## Exercise goal:
The answer must be the number of lines in the listing below that contain "mathcomp", and nothing else.

*** Opening Material provided ***

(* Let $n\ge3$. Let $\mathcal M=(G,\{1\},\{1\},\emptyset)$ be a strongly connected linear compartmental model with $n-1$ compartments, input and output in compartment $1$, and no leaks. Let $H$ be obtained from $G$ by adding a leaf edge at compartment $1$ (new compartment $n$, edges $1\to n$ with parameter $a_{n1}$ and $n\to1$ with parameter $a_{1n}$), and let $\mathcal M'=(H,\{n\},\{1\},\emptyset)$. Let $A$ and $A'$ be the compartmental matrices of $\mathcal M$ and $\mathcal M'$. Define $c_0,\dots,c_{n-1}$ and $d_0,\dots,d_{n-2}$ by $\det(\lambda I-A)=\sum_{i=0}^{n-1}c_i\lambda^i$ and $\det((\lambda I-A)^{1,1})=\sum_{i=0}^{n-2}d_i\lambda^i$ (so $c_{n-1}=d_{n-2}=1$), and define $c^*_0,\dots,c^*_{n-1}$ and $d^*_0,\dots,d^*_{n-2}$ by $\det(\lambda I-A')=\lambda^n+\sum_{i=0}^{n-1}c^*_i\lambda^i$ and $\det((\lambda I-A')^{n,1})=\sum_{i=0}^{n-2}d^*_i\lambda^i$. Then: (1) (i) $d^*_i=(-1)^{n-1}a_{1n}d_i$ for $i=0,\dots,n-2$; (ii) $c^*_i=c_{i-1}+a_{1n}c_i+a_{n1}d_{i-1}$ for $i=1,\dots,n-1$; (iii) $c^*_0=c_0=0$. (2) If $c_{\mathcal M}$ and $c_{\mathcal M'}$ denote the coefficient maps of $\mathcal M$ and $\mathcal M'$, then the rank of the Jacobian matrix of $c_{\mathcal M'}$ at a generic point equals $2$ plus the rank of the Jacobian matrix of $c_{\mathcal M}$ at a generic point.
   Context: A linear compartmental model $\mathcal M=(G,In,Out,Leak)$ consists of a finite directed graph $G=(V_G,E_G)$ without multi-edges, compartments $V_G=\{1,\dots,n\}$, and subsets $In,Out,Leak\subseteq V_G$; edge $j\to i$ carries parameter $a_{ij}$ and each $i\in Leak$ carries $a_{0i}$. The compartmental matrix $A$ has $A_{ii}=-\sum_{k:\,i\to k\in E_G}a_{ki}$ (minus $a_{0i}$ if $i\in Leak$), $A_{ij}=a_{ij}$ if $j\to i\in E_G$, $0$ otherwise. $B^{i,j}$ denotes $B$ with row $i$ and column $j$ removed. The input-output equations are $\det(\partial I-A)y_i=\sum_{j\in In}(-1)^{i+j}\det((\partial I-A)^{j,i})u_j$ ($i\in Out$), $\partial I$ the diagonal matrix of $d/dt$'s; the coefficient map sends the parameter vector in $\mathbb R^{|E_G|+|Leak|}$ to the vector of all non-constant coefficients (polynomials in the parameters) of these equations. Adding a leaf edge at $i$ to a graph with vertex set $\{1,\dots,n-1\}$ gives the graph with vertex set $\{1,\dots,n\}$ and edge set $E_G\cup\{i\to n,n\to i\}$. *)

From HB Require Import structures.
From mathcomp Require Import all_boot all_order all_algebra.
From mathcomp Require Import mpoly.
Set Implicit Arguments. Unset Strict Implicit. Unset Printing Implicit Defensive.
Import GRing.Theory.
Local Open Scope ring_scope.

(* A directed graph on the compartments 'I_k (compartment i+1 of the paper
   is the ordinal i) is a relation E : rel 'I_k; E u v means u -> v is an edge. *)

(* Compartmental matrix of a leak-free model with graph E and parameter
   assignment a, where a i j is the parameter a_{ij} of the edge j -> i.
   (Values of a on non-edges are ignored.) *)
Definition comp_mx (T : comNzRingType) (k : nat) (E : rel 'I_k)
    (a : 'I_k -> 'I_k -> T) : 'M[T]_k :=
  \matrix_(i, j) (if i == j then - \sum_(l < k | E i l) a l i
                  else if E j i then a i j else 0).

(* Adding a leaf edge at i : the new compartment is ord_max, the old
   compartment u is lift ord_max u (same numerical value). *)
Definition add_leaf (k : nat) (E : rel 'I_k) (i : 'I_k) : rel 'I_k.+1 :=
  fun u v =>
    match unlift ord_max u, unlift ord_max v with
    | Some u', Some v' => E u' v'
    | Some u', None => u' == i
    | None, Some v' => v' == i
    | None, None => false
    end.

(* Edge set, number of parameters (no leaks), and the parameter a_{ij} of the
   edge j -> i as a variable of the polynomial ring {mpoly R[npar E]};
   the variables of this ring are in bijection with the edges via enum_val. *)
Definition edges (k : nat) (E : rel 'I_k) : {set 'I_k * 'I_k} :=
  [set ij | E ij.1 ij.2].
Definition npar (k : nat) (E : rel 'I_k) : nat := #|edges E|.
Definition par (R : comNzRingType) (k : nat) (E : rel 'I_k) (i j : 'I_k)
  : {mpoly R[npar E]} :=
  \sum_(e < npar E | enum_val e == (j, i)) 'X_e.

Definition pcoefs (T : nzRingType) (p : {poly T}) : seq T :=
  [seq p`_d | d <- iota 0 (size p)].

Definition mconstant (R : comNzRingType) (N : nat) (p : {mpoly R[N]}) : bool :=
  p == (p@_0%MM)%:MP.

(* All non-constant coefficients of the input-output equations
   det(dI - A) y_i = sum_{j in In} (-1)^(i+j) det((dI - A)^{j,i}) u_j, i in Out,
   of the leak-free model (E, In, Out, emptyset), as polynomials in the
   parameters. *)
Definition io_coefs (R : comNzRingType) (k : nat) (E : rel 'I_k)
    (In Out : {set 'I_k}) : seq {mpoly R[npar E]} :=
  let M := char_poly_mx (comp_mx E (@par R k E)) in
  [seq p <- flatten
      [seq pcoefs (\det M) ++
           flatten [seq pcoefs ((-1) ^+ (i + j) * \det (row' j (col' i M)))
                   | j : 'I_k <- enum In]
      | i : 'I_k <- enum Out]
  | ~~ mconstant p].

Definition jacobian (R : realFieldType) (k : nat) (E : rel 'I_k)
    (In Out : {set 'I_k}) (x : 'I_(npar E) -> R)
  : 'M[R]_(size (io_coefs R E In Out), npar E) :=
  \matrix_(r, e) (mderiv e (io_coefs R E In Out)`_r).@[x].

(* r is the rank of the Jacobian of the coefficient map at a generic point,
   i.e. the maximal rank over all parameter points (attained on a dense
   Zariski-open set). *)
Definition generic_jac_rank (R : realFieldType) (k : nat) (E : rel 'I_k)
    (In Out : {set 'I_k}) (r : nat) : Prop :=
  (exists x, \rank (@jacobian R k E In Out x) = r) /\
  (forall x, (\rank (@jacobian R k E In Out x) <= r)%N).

*** Closing Material provided ***

## Expected output:
2